Stałam oniemiała z telefonem przy uchu i patrzyłam na mężczyznę stojącego naprzeciw mnie. On również trzymał przy uchu telefon, ale jego usta ułożone były w cwany uśmiech, a moje były lekko rozchylone.
Co on tu robi?!
- Miała być sama bielizna, ale ta wersja również mi się podoba- schował komórkę do kieszeni i zaczął iść w moją stronę. Oczywiście zaczęłam się cofać dopóki moje plecy nie spotkały się z zimną ścianą. I nadal trzymałam przy uchu telefon.
Co za kretynizm!
W tym momencie do towarzystwa dołączyło czarne jak smoła stworzenie.
- Nie zbliżaj się do niego- powiedziałam stanowczo do Malika i pokazałam na niego palcem.
Dobrze, że ten pies tu przyszedł bo było by ze mną ciężko...

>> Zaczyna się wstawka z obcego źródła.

(* Let $G$ be a non-compact, compactly generated, totally disconnected, locally compact group, and let $H\le\mathbb{Q}^{+}$ be the image of its modular function. Let $$A=\Big\{\sum_{i=1}^k (p_i+q_i)\ \Big|\ k\ge 1,\ p_1,\dots,p_k,q_1,\dots,q_k \text{ positive integers},\ \Big\langle \tfrac{p_1}{q_1},\dots,\tfrac{p_k}{q_k}\Big\rangle = H\Big\}.$$ Then every Cayley–Abels graph of $G$ has degree at least $\min(A)$. In particular, if $H$ is cyclic, generated by $p/q$ with $p,q$ coprime positive integers, then every Cayley–Abels graph of $G$ has degree at least $p+q$, i.e. $\mathrm{md}(G)\ge p+q$.
   Context: A Cayley–Abels graph for a totally disconnected, locally compact group $G$ is a connected, locally finite simple graph with an action of $G$ by automorphisms that is vertex-transitive with compact open vertex stabilizers; $\mathrm{md}(G)$ is the minimal degree of such a graph. The modular function $\Delta\colon G\to\mathbb{R}^+$ is defined via a right-invariant Haar measure $\mu$ by $\mu(gA)=\Delta(g)\mu(A)$; its image is a subgroup of the multiplicative group $\mathbb{Q}^+$ of positive rationals. *)

From HB Require Import structures.
From Stdlib Require Import Relations.Relation_Operators.
From mathcomp Require Import all_boot all_order all_algebra.
From mathcomp Require Import all_classical all_reals all_analysis.
Set Implicit Arguments. Unset Strict Implicit. Unset Printing Implicit Defensive.
Import Order.TTheory GRing.Theory Num.Theory.
Local Open Scope classical_set_scope.
Local Open Scope ring_scope.

Definition borel (T : ptopologicalType) : measurableType _ := g_sigma_algebraType (@open T).

Section TDLC.
Variables (T : ptopologicalType) (mul : T -> T -> T) (inv : T -> T) (one : T).

Definition is_group :=
  [/\ forall x y z, mul x (mul y z) = mul (mul x y) z,
      forall x, mul one x = x, forall x, mul x one = x,
      forall x, mul (inv x) x = one & forall x, mul x (inv x) = one].

Definition is_tdlc_group :=
  [/\ is_group,
      continuous (fun p : T * T => mul p.1 p.2),
      continuous inv,
      hausdorff_space T &
      locally_compact [set: T] /\ totally_disconnected [set: T]].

- Jemu to powiedz- prychnął, a po chwili przybliżył się do mnie.oparł ręce po obu stronach mojej głowy i pochylił się do mnie- więc? Sex czy kolacja?- przechylił głowę w prawo i zagryzł dolną wargę.
- Kolacja- wypaliłam bezmyślnie byle by tylko odgonić temat seksu- znaczy, nie! Nigdzie nie idę, zostaję w domu- skrzyżowałam ręce pod biustem i wyprostowałam się.
- Czyli jednak wolisz zostać w domu- wymruczał mi do ucha i przyssał się do szyi.
- Nie, nie chcę- powiedziałam zduszonym głosem.
- Czyli kolacja- oderwał się ode mnie i spojrzał mi w oczy.
- Nie.
- Zdecyduj się, skarbie- powiedział i ponownie zagryzł wargę- zawsze zostaje jeszcze jedna opcja...
- Jaka?- przerwałam mu szybko, pełna nadziei, że może jednak będę mogła skorzystać.
- Możemy jechać do mnie- powiedział.
I nadzieja poszła się jebać...
- A nie możesz po prostu wyjść?- burknęłam cicho nie patrząc na niego.
- Mogę. Z tobą- uśmiechnął się.
- Ale ja chcę zostać w domu.
- Mnie ta opcja podoba się najbardziej, wiesz o tym- przejechał nosem po mojej szyi, na co cicho westchnęłam- czyżbyś podzielała moje zdanie w tej kwestii?- nie przestawał wodzić dłonią po mojej szyi.
- N-nie- zająknęłam się.
- Więc zostaje nam kolacja- stwierdził odsuwając się ode mnie.
- Nie odpuścisz mi, prawda?- westchnęłam i spojrzałam na jego twarz.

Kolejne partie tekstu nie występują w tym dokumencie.